§ What needs to be done: Of the records that follow, copy only the lines from the line containing "Unshelve. all: by end_near." to the line containing "rewrite (sqnrmD (p", both included, exactly as written.

================

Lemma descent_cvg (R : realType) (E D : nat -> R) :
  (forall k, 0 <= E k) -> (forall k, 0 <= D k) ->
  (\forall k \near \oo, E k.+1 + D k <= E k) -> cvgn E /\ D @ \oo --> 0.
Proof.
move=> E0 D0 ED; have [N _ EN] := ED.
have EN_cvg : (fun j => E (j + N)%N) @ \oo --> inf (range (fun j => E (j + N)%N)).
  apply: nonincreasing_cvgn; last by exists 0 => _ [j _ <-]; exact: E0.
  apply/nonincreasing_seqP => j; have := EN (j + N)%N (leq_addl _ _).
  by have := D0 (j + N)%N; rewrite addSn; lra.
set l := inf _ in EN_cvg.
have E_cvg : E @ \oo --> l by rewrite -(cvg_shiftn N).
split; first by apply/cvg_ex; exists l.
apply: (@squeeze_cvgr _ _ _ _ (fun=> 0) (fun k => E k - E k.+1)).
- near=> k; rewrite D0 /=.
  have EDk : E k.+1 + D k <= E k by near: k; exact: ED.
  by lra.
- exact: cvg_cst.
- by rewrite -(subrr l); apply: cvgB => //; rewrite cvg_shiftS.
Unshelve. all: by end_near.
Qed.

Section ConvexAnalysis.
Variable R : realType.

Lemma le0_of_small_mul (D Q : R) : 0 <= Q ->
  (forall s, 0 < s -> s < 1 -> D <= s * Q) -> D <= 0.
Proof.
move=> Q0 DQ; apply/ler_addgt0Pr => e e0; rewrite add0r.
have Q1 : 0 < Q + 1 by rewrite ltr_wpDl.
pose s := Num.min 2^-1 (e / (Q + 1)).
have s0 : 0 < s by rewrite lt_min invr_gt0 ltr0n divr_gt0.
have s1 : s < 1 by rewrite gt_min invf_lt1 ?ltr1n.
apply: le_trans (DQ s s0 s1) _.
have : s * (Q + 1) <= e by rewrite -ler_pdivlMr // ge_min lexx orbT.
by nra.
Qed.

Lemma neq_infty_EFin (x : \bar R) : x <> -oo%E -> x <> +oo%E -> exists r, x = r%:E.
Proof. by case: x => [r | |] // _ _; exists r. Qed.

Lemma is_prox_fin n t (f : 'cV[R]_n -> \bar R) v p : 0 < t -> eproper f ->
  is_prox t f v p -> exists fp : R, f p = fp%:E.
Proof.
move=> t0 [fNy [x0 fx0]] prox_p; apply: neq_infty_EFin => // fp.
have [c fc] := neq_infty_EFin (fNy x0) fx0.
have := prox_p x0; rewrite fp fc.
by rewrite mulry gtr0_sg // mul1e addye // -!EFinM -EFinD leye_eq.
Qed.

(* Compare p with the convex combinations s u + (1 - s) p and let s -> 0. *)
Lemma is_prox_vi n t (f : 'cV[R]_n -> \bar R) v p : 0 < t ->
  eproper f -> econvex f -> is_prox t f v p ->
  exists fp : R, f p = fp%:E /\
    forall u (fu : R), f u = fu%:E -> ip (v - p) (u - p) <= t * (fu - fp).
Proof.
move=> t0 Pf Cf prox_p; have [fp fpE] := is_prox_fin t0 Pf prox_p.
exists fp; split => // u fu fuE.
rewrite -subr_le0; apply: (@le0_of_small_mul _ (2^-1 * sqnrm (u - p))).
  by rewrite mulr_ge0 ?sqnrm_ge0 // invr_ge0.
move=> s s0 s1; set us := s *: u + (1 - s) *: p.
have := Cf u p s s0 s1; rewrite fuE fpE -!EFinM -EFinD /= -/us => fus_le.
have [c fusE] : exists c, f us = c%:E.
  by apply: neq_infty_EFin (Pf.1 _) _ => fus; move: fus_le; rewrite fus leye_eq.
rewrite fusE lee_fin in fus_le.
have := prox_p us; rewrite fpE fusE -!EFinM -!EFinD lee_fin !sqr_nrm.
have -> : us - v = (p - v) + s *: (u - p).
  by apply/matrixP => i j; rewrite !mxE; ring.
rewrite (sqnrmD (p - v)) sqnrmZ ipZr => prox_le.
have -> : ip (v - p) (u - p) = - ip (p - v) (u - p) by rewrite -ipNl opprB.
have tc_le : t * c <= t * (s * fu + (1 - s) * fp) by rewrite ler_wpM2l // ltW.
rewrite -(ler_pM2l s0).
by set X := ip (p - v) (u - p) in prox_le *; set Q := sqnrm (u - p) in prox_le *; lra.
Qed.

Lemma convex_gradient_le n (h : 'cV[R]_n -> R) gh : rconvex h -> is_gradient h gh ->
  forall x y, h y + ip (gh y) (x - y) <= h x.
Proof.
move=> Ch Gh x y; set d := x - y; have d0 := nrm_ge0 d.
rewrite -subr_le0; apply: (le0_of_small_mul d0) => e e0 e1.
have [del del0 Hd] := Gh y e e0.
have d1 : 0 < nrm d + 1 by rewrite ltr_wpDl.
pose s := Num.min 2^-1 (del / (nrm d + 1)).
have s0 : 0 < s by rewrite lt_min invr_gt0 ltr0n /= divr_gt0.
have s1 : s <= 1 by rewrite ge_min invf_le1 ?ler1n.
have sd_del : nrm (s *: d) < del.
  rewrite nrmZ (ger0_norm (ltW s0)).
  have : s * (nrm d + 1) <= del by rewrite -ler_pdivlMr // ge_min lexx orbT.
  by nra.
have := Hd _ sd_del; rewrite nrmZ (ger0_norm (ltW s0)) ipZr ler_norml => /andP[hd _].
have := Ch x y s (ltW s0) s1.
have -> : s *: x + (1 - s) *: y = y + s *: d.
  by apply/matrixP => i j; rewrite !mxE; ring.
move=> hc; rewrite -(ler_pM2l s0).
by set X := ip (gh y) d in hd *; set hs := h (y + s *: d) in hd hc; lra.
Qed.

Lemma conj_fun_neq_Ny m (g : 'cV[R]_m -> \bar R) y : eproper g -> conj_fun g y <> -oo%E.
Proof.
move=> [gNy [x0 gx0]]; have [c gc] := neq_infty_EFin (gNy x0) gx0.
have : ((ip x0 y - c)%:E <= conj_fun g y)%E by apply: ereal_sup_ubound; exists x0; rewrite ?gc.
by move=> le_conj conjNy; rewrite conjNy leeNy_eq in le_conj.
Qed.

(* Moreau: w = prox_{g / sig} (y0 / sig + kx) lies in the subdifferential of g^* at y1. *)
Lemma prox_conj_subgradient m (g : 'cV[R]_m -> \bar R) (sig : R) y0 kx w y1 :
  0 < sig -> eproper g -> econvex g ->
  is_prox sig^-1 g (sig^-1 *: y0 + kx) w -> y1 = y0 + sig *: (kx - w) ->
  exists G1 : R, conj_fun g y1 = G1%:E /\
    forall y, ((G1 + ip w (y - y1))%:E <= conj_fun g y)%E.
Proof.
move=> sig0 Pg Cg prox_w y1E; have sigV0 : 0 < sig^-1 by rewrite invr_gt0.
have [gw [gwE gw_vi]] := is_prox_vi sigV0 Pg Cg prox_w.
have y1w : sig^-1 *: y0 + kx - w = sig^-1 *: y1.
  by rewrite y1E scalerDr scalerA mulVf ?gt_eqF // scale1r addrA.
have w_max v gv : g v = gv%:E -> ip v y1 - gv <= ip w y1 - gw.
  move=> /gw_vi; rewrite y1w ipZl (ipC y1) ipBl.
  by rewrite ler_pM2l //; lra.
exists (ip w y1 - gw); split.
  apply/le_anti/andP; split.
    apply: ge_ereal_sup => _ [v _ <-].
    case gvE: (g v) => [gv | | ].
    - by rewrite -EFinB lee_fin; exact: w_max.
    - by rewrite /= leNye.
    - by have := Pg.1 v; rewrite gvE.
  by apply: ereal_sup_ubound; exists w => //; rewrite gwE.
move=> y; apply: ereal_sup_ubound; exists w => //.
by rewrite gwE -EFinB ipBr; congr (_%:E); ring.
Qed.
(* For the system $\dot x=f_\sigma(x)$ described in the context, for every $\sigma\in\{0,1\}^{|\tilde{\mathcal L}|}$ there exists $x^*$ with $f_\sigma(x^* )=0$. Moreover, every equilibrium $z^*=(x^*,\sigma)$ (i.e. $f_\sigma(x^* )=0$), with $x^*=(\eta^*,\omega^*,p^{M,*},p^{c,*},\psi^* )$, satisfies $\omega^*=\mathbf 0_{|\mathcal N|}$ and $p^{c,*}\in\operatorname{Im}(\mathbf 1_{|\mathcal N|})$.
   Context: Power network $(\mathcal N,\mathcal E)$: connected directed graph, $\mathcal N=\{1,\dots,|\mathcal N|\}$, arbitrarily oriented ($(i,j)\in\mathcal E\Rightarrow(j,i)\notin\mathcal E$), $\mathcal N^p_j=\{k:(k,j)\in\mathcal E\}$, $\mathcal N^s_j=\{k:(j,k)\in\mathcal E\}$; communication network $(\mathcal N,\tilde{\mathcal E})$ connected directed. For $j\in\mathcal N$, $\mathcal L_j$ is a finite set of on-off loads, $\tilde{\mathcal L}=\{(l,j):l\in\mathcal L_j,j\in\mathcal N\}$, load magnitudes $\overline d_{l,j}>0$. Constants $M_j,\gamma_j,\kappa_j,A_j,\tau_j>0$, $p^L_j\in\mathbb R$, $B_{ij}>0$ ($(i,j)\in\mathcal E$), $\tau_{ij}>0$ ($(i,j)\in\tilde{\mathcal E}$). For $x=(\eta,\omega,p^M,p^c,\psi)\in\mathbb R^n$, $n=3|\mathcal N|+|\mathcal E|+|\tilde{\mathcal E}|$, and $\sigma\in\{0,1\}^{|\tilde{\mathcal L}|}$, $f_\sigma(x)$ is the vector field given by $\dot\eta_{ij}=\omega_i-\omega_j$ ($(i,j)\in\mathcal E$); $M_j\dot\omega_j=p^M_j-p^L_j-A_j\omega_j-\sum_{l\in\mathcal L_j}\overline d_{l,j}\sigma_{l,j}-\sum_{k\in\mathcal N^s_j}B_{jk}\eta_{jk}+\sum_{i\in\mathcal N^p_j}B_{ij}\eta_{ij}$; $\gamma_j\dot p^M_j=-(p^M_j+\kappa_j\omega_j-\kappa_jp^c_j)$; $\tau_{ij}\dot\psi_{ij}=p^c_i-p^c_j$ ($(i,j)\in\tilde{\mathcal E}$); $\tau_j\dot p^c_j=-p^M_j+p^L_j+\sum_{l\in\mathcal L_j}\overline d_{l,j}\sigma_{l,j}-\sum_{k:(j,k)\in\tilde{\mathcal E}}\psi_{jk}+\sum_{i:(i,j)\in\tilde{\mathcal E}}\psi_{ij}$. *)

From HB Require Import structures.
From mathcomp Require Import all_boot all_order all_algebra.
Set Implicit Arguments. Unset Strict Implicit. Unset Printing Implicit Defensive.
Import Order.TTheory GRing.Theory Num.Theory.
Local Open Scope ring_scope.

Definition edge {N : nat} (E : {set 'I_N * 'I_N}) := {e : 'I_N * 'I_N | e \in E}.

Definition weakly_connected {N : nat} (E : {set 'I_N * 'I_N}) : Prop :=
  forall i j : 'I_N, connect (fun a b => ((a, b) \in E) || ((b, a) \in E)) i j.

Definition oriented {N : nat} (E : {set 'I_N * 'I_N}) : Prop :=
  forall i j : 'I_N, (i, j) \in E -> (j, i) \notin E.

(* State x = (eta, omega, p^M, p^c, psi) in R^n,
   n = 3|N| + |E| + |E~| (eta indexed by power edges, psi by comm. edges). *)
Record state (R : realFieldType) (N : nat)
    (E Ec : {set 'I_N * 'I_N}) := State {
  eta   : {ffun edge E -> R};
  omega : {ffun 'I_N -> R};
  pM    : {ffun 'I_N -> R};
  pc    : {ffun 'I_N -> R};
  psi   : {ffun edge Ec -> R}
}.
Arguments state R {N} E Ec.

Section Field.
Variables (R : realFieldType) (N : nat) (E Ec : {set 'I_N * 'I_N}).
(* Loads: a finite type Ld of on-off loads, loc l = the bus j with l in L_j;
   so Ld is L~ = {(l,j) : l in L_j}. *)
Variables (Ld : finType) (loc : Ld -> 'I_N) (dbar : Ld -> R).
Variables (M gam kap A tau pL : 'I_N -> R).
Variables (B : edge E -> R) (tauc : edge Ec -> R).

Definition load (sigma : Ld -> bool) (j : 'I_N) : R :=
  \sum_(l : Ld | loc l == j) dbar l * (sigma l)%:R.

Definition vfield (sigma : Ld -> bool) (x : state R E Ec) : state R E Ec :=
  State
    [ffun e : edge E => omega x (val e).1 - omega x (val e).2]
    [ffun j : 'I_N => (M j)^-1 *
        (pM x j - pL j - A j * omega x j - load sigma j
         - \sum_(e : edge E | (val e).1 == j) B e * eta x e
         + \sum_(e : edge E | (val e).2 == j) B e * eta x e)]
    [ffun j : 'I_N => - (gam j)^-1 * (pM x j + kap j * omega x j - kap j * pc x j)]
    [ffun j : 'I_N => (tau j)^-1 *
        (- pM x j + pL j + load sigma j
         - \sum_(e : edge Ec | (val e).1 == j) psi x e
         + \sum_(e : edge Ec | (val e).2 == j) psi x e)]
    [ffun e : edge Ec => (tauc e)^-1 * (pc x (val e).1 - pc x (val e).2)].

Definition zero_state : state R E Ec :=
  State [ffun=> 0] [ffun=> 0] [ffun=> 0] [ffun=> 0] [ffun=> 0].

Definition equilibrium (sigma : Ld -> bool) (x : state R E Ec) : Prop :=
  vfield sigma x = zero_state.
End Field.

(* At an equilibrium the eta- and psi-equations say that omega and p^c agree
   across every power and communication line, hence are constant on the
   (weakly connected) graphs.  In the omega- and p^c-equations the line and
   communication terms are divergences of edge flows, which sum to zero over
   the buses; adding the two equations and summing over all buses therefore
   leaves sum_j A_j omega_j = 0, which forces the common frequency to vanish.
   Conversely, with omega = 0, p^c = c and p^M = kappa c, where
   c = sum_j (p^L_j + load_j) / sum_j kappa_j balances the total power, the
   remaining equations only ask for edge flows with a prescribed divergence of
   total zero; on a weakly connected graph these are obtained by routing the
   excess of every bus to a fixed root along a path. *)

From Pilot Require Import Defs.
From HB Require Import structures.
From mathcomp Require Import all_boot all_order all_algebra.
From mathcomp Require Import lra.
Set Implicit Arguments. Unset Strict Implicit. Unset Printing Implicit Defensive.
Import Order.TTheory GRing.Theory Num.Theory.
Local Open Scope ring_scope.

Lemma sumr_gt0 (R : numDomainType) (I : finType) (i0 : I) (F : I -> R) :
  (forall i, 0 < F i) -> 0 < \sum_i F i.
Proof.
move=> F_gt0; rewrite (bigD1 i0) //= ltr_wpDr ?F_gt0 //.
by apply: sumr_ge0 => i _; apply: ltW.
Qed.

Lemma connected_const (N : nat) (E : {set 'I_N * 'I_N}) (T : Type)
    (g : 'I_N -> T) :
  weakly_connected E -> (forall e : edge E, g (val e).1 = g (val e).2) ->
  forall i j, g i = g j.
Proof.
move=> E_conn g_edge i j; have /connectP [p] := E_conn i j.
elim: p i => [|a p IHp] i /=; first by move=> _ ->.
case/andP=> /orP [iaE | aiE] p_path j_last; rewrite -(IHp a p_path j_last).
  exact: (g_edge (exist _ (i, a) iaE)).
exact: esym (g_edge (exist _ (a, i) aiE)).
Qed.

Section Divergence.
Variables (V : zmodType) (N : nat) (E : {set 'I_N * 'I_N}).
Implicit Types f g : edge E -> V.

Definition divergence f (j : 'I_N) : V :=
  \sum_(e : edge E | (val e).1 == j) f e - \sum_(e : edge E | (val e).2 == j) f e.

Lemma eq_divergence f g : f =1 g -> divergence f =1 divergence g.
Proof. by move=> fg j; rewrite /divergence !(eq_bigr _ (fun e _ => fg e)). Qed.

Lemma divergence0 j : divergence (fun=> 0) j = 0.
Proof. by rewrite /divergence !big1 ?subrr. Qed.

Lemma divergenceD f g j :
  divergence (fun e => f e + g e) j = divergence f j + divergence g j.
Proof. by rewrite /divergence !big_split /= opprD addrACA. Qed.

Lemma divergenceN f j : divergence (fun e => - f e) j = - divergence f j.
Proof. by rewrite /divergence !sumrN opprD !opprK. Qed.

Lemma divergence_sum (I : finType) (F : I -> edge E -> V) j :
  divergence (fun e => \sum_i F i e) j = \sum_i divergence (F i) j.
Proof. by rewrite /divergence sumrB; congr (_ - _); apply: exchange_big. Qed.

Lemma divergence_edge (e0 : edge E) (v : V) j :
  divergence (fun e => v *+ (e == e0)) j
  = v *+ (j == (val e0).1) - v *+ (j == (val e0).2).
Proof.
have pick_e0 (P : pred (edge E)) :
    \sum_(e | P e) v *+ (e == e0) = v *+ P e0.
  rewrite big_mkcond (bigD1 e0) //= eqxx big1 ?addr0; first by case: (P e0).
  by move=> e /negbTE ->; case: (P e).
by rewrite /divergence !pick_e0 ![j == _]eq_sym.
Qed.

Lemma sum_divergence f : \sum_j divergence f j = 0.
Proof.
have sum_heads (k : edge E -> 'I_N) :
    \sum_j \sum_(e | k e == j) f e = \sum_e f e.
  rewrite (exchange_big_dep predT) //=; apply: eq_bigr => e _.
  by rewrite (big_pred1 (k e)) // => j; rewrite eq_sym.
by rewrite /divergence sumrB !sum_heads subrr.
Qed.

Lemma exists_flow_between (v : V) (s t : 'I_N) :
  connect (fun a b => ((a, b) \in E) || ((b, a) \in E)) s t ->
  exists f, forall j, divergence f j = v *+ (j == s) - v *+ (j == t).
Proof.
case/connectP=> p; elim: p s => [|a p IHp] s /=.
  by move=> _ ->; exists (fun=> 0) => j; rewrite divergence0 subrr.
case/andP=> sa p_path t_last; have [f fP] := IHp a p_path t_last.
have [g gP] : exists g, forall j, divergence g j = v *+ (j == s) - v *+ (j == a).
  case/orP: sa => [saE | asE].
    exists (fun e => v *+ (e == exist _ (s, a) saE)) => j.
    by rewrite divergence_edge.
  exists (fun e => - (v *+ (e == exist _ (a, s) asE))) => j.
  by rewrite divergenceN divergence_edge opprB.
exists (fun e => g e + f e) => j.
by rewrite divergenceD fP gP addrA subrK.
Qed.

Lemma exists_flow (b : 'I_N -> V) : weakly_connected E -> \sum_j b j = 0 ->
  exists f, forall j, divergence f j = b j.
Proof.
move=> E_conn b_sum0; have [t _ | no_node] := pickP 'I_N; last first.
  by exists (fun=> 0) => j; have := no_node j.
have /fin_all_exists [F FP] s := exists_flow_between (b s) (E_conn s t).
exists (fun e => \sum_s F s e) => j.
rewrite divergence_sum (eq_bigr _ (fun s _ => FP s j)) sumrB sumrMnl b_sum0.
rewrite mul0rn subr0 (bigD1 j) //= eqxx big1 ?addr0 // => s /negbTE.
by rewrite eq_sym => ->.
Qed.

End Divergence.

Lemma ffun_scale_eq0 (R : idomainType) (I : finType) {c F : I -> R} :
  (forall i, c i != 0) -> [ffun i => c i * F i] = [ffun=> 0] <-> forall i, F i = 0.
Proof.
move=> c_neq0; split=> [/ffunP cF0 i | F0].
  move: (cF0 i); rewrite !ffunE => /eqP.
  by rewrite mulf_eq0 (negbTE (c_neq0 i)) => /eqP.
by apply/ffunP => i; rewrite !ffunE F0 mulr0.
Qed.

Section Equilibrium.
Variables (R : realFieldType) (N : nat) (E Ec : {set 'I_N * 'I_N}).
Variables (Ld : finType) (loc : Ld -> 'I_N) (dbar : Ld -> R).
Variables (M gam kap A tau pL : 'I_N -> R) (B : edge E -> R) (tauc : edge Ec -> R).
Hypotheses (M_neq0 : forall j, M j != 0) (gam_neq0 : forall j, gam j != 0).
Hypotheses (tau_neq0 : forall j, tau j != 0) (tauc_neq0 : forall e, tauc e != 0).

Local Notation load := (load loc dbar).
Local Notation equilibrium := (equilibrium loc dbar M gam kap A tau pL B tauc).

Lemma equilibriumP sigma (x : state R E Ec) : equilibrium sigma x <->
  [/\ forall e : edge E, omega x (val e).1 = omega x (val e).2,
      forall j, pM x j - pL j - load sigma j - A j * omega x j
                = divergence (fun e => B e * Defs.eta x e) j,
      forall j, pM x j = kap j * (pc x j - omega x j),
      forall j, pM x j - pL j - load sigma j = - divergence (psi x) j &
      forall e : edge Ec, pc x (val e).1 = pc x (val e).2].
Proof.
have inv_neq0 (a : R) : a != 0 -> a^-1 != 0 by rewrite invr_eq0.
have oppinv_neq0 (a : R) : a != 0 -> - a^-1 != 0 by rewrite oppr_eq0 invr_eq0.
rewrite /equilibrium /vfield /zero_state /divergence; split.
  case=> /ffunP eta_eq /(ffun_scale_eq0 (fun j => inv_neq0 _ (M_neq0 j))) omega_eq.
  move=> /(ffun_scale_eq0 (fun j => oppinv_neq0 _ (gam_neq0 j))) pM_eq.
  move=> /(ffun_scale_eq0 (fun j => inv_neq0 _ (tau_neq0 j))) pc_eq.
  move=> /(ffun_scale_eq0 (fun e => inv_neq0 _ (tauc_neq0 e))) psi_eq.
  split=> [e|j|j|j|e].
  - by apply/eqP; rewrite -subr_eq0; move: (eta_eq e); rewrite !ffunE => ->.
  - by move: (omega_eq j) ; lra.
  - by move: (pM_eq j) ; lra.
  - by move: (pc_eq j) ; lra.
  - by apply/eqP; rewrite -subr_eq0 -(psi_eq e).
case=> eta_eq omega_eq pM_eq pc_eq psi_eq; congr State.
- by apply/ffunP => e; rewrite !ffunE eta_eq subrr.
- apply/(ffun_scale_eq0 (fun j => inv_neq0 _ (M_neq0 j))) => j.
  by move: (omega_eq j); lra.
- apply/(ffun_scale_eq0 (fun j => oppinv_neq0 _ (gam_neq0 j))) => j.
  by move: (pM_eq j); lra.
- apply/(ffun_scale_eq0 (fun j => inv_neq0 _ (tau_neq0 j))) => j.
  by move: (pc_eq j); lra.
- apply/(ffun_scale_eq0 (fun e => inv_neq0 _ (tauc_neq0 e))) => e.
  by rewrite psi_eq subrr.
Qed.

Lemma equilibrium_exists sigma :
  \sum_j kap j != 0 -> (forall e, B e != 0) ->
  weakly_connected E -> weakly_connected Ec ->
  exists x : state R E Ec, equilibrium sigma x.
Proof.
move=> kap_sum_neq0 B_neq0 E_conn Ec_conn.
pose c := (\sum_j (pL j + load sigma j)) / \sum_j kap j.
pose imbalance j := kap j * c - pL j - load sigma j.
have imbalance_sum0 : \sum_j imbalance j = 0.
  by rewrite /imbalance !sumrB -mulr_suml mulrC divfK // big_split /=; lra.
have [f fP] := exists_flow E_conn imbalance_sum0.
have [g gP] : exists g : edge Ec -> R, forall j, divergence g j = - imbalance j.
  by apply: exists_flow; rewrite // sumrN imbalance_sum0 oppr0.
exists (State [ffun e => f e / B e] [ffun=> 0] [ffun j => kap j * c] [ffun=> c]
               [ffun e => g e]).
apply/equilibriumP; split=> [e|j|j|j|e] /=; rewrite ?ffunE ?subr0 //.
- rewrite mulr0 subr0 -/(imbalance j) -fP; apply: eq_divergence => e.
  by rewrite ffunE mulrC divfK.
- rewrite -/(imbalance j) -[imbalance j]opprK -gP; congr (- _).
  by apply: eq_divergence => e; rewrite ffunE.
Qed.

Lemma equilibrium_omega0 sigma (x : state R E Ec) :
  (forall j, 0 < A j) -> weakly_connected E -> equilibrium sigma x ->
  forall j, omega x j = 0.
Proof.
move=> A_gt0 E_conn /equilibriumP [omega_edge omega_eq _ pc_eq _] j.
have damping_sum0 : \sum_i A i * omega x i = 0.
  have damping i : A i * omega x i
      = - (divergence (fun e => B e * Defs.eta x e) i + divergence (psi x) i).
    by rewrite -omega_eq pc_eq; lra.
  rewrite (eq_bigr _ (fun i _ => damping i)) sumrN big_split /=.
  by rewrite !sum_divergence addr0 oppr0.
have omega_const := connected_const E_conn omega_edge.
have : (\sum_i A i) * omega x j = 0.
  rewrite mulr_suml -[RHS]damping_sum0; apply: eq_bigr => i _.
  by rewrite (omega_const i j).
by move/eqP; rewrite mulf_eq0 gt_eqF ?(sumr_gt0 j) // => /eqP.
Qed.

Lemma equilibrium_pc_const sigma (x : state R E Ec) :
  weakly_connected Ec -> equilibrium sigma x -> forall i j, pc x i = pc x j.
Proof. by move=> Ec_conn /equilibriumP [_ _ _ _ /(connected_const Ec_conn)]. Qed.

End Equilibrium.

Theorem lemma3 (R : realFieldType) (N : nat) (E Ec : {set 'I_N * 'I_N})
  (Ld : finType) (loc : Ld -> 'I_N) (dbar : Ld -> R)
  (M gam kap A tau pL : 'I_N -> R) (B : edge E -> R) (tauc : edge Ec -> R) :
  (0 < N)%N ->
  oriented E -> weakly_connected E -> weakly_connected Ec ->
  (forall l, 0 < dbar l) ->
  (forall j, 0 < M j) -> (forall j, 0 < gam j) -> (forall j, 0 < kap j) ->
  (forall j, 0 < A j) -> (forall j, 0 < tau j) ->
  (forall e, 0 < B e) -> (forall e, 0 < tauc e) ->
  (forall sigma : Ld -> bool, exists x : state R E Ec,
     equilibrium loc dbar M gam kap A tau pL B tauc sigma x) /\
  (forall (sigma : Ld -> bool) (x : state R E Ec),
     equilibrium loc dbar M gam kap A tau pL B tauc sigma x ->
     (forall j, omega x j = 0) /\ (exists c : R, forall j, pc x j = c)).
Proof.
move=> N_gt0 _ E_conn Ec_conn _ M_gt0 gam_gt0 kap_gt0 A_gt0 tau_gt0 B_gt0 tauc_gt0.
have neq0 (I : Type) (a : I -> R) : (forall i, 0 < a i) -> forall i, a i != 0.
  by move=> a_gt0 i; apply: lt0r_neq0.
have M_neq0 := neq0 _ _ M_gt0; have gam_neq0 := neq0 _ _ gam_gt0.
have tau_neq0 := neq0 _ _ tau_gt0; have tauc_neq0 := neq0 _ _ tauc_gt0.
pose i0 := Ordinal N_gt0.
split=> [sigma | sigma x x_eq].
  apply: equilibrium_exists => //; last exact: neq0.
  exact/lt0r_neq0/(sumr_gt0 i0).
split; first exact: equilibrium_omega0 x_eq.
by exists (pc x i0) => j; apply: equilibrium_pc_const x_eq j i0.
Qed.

================

§ Output for this exercise:
Unshelve. all: by end_near.
Qed.

Section ConvexAnalysis.
Variable R : realType.

Lemma le0_of_small_mul (D Q : R) : 0 <= Q ->
  (forall s, 0 < s -> s < 1 -> D <= s * Q) -> D <= 0.
Proof.
move=> Q0 DQ; apply/ler_addgt0Pr => e e0; rewrite add0r.
have Q1 : 0 < Q + 1 by rewrite ltr_wpDl.
pose s := Num.min 2^-1 (e / (Q + 1)).
have s0 : 0 < s by rewrite lt_min invr_gt0 ltr0n divr_gt0.
have s1 : s < 1 by rewrite gt_min invf_lt1 ?ltr1n.
apply: le_trans (DQ s s0 s1) _.
have : s * (Q + 1) <= e by rewrite -ler_pdivlMr // ge_min lexx orbT.
by nra.
Qed.

Lemma neq_infty_EFin (x : \bar R) : x <> -oo%E -> x <> +oo%E -> exists r, x = r%:E.
Proof. by case: x => [r | |] // _ _; exists r. Qed.

Lemma is_prox_fin n t (f : 'cV[R]_n -> \bar R) v p : 0 < t -> eproper f ->
  is_prox t f v p -> exists fp : R, f p = fp%:E.
Proof.
move=> t0 [fNy [x0 fx0]] prox_p; apply: neq_infty_EFin => // fp.
have [c fc] := neq_infty_EFin (fNy x0) fx0.
have := prox_p x0; rewrite fp fc.
by rewrite mulry gtr0_sg // mul1e addye // -!EFinM -EFinD leye_eq.
Qed.

(* Compare p with the convex combinations s u + (1 - s) p and let s -> 0. *)
Lemma is_prox_vi n t (f : 'cV[R]_n -> \bar R) v p : 0 < t ->
  eproper f -> econvex f -> is_prox t f v p ->
  exists fp : R, f p = fp%:E /\
    forall u (fu : R), f u = fu%:E -> ip (v - p) (u - p) <= t * (fu - fp).
Proof.
move=> t0 Pf Cf prox_p; have [fp fpE] := is_prox_fin t0 Pf prox_p.
exists fp; split => // u fu fuE.
rewrite -subr_le0; apply: (@le0_of_small_mul _ (2^-1 * sqnrm (u - p))).
  by rewrite mulr_ge0 ?sqnrm_ge0 // invr_ge0.
move=> s s0 s1; set us := s *: u + (1 - s) *: p.
have := Cf u p s s0 s1; rewrite fuE fpE -!EFinM -EFinD /= -/us => fus_le.
have [c fusE] : exists c, f us = c%:E.
  by apply: neq_infty_EFin (Pf.1 _) _ => fus; move: fus_le; rewrite fus leye_eq.
rewrite fusE lee_fin in fus_le.
have := prox_p us; rewrite fpE fusE -!EFinM -!EFinD lee_fin !sqr_nrm.
have -> : us - v = (p - v) + s *: (u - p).
  by apply/matrixP => i j; rewrite !mxE; ring.
rewrite (sqnrmD (p - v)) sqnrmZ ipZr => prox_le.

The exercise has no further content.